Structural, Optical and Hydrophobic Properties of Nd3⁺-Doped Tellurite Glasses Embedded with TiO₂ Nanoparticles for Self-Cleaning Application
摘要
A series of tellurite glasses with chemical compositions (74.8-x) TeO2-15ZnO-10P2O5 -0.2Nd2O3 - xTiO2 (x = 0.2, 0.4, 0.6, 0.8 and 1 mol %) were prepared by using conventional melt-quenching techniques and systematically characterized to study their structural, optical, and surface wetting properties. The density of the glasses fluctuated between 4.51 and 4.69 g·cm−3 with increasing TiO2 NPs, reflecting variations in atomic masses, ionic sizes, and network crosslinking. X-ray diffraction confirmed the amorphous nature of all samples with broad halos observed at 20°–40°. FTIR spectra revealed structural transformation from TeO4 to TeO3 trigonal pyramids and the formation of an interconnected phosphate network, with characteristic bands at 623–633, 513–760, 926–930, 1047–1067, and 1317–1331 cm−1. TEM analysis confirmed semi-spherical TiO2 NPs, well-dispersed with sizes of 6.57–20.76 nm (average 12.85 ± 0.03 nm), while HRTEM indicated lattice fringes of the (200) plane with d-spacing ~ 1.89 Å. Optical studies showed bandgap energies (Eind) varying from 3.61 to 3.48 eV, and Urbach energies (EU) between 0.49 and 0.74 eV, depending on composition and TiO2 content.

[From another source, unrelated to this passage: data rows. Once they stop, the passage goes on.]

Lemma tuple_fun_preimage_box n (X : 'I_n -> Omega -> T) (B : 'I_n -> set T) :
  tuple_fun X @^-1` (\bigcap_(i in [set: 'I_n]) ((fun u => tnth u i) @^-1` B i)) =
  \bigcap_(i in [set: 'I_n]) (X i @^-1` B i).
Proof.
by apply/seteqP; split => w /= Xw i _; have /= := Xw i I; rewrite tnth_mktuple.
Qed.

End tuple_fun.

Section tuple_mfun.
Context dO (Omega : measurableType dO) dT (T : measurableType dT).
Variables (n : nat) (X : 'I_n -> {mfun Omega >-> T}).

HB.instance Definition _ := isMeasurableFun.Build _ _ _ _ (tuple_fun X)
  (measurable_tuple_fun (fun i => @measurable_funPT _ _ _ _ (X i))).

End tuple_mfun.

Definition boxes dT (T : measurableType dT) n : set (set (n.-tuple T)) :=
  [set \bigcap_(i in [set: 'I_n]) ((fun u => tnth u i) @^-1` B i) |
    B in [set B : 'I_n -> set T | forall i, measurable (B i)]].
Arguments boxes {dT} T n.

Section boxes.
Context dT (T : measurableType dT).

Lemma measurable_boxes n : measurable = <<s boxes T n>>.
Proof.
apply/seteqP; split.
- apply: smallest_sub; first exact: smallest_sigma_algebra.
  case: n => [|n]; first by rewrite big_ord0.
  rewrite -bigcup_mkord_ord; apply: bigcup_sub => k _ _ [A mA <-].
  apply: sub_sigma_algebra.
  exists (fun j => if j == inord k then A else setT) => [j|].
    by case: ifP.
  apply/seteqP; split => u /=.
    by move=> uA; split=> //; have /= := uA (inord k) I; rewrite eqxx.
  by move=> [_ uA] j _; case: ifPn => [/eqP ->|].
- apply: smallest_sub; first exact: sigma_algebra_measurable.
  move=> _ [B mB <-]; apply: fin_bigcap_measurable; first exact: finite_finset.
  by move=> i _; rewrite -[X in measurable X]setTI; exact: measurable_tnth.
Qed.

Lemma boxes_setI_closed n : setI_closed (boxes T n).
Proof.
move=> _ _ [B mB <-] [C mC <-]; exists (fun i => B i `&` C i).
  by move=> i; exact: measurableI.
by rewrite bigcapI.
Qed.

Lemma boxesT n : boxes T n setT.
Proof. by exists (fun=> setT) => //; apply/seteqP; split. Qed.

End boxes.
Lemma extendable_retract I J (p : (T -> int) -> T -> int) :
    (forall w, J w -> I w) -> (forall w, I w -> J (p w)) -> (forall w, J w -> p w = w) ->
    (forall f g, I f -> I g -> p (fun x => f x + g x) = (fun x => p f x + p g x)) ->
  extendable I -> extendable J.
Proof.
move=> JI pJ pK pD extI phi phiD.
have [l Hl] : exists l, forall w, I w -> pairing l w = phi (p w).
  by apply: extI => f g If Ig; rewrite pD // phiD //; apply: pJ.
by exists l => w Jw; rewrite Hl ?pK //; apply: JI.
Qed.

Lemma subgroup_coord_kernel I c : subgroup I -> subgroup (fun w => I w /\ w c = 0).
Proof.
case=> I0 ID IN; split=> [|f g [If fc] [Ig gc]|f [If fc]]; split=> //.
- exact: ID.
- by rewrite fc gc addr0.
- exact: IN.
- by rewrite fc oppr0.
Qed.

(* If the values of I at c are the multiples of h c, then I = Z h (+) {w in I | w c = 0}
   through w |-> w - <l, w> h; induction on the support handles the second summand. *)
Lemma dual_basis_supp (cs : seq T) I : subgroup I -> extendable I ->
    (forall w, I w -> forall x, x \notin cs -> w x = 0) ->
  exists s : seq ((T -> int) * (T -> int)), (forall a, List.In a s -> I a.1) /\
    forall w, I w -> forall x, w x = \sum_(a <- s) pairing a.2 w * a.1 x.
Proof.
elim: cs I => [|c cs IHcs] I subI extI suppI.
  by exists [::]; split=> // w Iw x; rewrite big_nil suppI.
have suppI' (J : (T -> int) -> Prop) : (forall w, J w -> I w /\ w c = 0) ->
    forall w, J w -> forall x, x \notin cs -> w x = 0.
  move=> JI w /JI [Iw wc] x xcs; have [-> //|neq_xc] := eqVneq x c.
  by rewrite suppI // in_cons negb_or neq_xc.
have [Ic0|] := classic (forall w, I w -> w c = 0).
  by apply: IHcs => //; apply: suppI' => w Iw; split; last exact: Ic0.
move=> /not_all_ex_not [w0 /(@imply_to_and (I w0)) [Iw0 /eqP w0c]].
have [h Ih [hc_gt0 hc_dvd]] := subgroup_coord_generator subI Iw0 w0c.
have [l Hl] := extendable_coord_quotient extI hc_gt0 hc_dvd.
pose J w := I w /\ w c = 0.
pose p w x := w x - pairing l w * h x.
have subJ : subgroup J := subgroup_coord_kernel c subI.
have pJ w : I w -> J (p w).
  by move=> Iw; split; [exact: subgroup_lincomb | rewrite /p -Hl // subrr].
have pK w : J w -> p w = w.
  move=> [Iw wc]; have /eqP : pairing l w * h c = 0 by rewrite -Hl.
  rewrite mulf_eq0 (gt_eqF hc_gt0) orbF => /eqP lw0.
  by apply: functional_extensionality => x; rewrite /p lw0 mul0r subr0.
have pD f g : I f -> I g -> p (fun x => f x + g x) = (fun x => p f x + p g x).
  by move=> _ _; apply: functional_extensionality => x; rewrite /p pairingDr; ring.
have extJ : extendable J by apply: extendable_retract pJ pK pD extI => w [].
have [s [sJ s_rep]] := IHcs J subJ extJ (suppI' J (fun w Jw => Jw)).
exists ((h, l) :: [seq (a.1, fun x => a.2 x - pairing a.2 h * l x) | a <- s]); split.
  by move=> a /= [<- //|/List.in_map_iff [b [<- /sJ []]]].
move=> w Iw x; rewrite big_cons big_map /=.
under eq_bigr do rewrite pairingBl [pairing _ h * _]mulrC -pairingBr.
by rewrite -(s_rep (p w) (pJ w Iw)) /p; ring.
Qed.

Refractive indices ranged from 2.251 to 2.278, while molar refractivity increased from 19.33 to 22.91 cm3 and electronic polarizability from 7.67 to 9.08 × 10–24 cm3 with TiO2 addition. Nd3+ absorption spectra exhibited ten transitions, with hypersensitive bands at 583 and 808 nm, indicating strong covalent bonding. Luminescence under 748 nm excitation showed emissions at 374, 493, 810, and 861 nm, corresponding to up-conversion and down-conversion transitions. TiO2 incorporation significantly increased the water contact angle from 75.55 ± 0.01° to 122.79 ± 0.01°, confirming enhanced hydrophobicity suitable for self-cleaning applications. These findings demonstrate that Nd3+-doped tellurite glass with TiO2 NPs possess tunable structural, optical, and surface properties, making them promise for photonic devices and functional glass self-cleaning applications.